The average analyst price target fell 25% to US$1.34, implicitly signalling that lower earnings per share are a leading indicator for Covia Holdings’s valuation. That’s not the only conclusion we can draw from this data however, as some investors also like to consider the spread in estimates when evaluating analyst price targets. The most optimistic Covia Holdings analyst has a price target of US$2.00 per share, while the most pessimistic values it at US$0.10. We would probably assign less value to the analyst forecasts in this situation, because such a wide range of estimates could imply that the future of this business is difficult to value accurately. With this in mind, we wouldn’t assign too much meaning to the consensus price target, as it is just an average and analysts clearly have some deeply divergent views on the business.

Zooming out to look at the bigger picture now, one of the ways we can make sense of these forecasts is to see how they measure up both against past performance, and against industry growth estimates. We would highlight that sales are expected to reverse, with the forecast 7.7% revenue decline a notable change from historical growth of 17% over the last three years. By contrast, our data suggests that other companies (with analyst coverage) in the same market are forecast to see their revenue grow 3.3% annually for the foreseeable future. So although its revenues are forecast to shrink, this cloud does not come with a silver lining – analysts also expect Covia Holdings to grow slower than the wider market.

The Bottom Line

The highlight for us was that the consensus reduced its estimated losses next year, perhaps suggesting Covia Holdings is moving incrementally towards profitability. Unfortunately, analysts also downgraded their revenue estimates, and our data indicates revenues are expected to perform worse than the wider market. Even so, earnings per share are more important to the intrinsic value of the business. Analysts also downgraded their price target, suggesting that the latest news has led analysts to become more pessimistic about the intrinsic value of the business.

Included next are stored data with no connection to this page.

Lemma fupp_ge u r s : 0 <= s -> s <= r -> r <= 1 -> fupp u r <= fupp u s.
Proof.
move=> s0 sr r1; have r01 : 0 <= r <= 1 by rewrite r1 (le_trans s0 sr).
have := level_le (_ : 0 <= s <= r) (fupp_in u r01); rewrite s0 sr => /(_ isT).
by rewrite level_itv ?s0 ?(le_trans sr r1) // => /andP[].
Qed.

Lemma fuzzy_endpoints_ext u v :
  (forall r, 0 <= r <= 1 -> flow u r = flow v r /\ fupp u r = fupp v r) -> u = v.
Proof.
move=> uv; apply: fuzzy_ext => r /andP[r0 r1]; have r01 : 0 <= r <= 1 by rewrite ltW.
by rewrite !level_itv //; have [-> ->] := uv r r01.
Qed.

Lemma fuzzy_endpoints_bounded u :
  exists M, forall r, 0 <= r <= 1 -> `|flow u r| <= M /\ `|fupp u r| <= M.
Proof.
have [M boundM] := level_bounded u; exists M => r r01; have r0 : 0 <= r by case/andP: r01.
by split; apply: (boundM r) => //; [apply: flow_in|apply: fupp_in].
Qed.

End FuzzyLevels.

Section FuzzyScale.
Variable R : realType.
Implicit Types (u v : fuzzy R) (r c : R).

Lemma level_fzero r : 0 <= r <= 1 -> level (fzero R) r = [set 0].
Proof.
have supp0 : [set x | 0 < chi0 x] = [set (0 : R)].
  apply/seteqP; split => x /=; rewrite /chi0; last by move=> ->; rewrite eqxx ltr01.
  by case: eqP => // _; rewrite ltxx.
case/andP; rewrite le_eqVlt => /orP[/eqP<-|r0] r1.
  rewrite level0 /= supp0; apply/esym/closure_id.
  by apply: compact_closed; [exact: Rhausdorff|exact: compact_set1].
rewrite levelP //; apply/seteqP; split => x /=; rewrite /chi0; last by move=> ->; rewrite eqxx.
by case: eqP => // _; rewrite leNgt r0.
Qed.

Definition fscale_fun (c : R) u (x : R) := u (x / c).

Lemma fscale_fun_supp c u : c != 0 ->
  [set x | 0 < fscale_fun c u x] = [set c * y | y in [set y | 0 < u y]].
Proof.
move=> c0; apply/seteqP; split => x /=; first by exists (x / c); rewrite // mulrC divfK.
by case=> y uy <-; rewrite /fscale_fun mulrAC divff // mul1r.
Qed.

Lemma fscale_fun_fuzzy c u : c != 0 -> is_fuzzy (fscale_fun c u).
Proof.
move=> c0; have c_gt0 : 0 < `|c| by rewrite normr_gt0.
split.
- by move=> x; rewrite fuzzy_ge0 fuzzy_le1.
- by have [x ux] := fuzzy_normal u; exists (c * x); rewrite /fscale_fun mulrAC divff // mul1r.
- move=> x y l l01; rewrite /fscale_fun mulrDl -!mulrA; exact: fuzzy_convex.
- move=> x e e0; have [d d0 usc_x] := fuzzy_usc u (x / c) e0.
  exists (d * `|c|) => [|y xy]; first exact: mulr_gt0.
  by apply: usc_x; rewrite -mulrBl normrM normfV ltr_pdivrMr.
- rewrite fscale_fun_supp // closureZ //.
  apply: continuous_compact; last exact: (@fuzzy_compact _ u).
  by apply: continuous_subspaceT => x; exact: mulrl_continuous.
Qed.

Still, the long-term prospects of the business are much more relevant than next year’s earnings. We have estimates – from multiple Covia Holdings analysts – going out to 2021, and you can see them free on our platform here.

You can also see whether Covia Holdings is carrying too much debt, and whether its balance sheet is healthy, for free on our platform here.

If you spot an error that warrants correction, please contact the editor at [email protected] This article by Simply Wall St is general in nature. It does not constitute a recommendation to buy or sell any stock, and does not take account of your objectives, or your financial situation. Simply Wall St has no position in the stocks mentioned.

We aim to bring you long-term focused research analysis driven by fundamental data. Note that our analysis may not factor in the latest price-sensitive company announcements or qualitative material. Thank you for reading.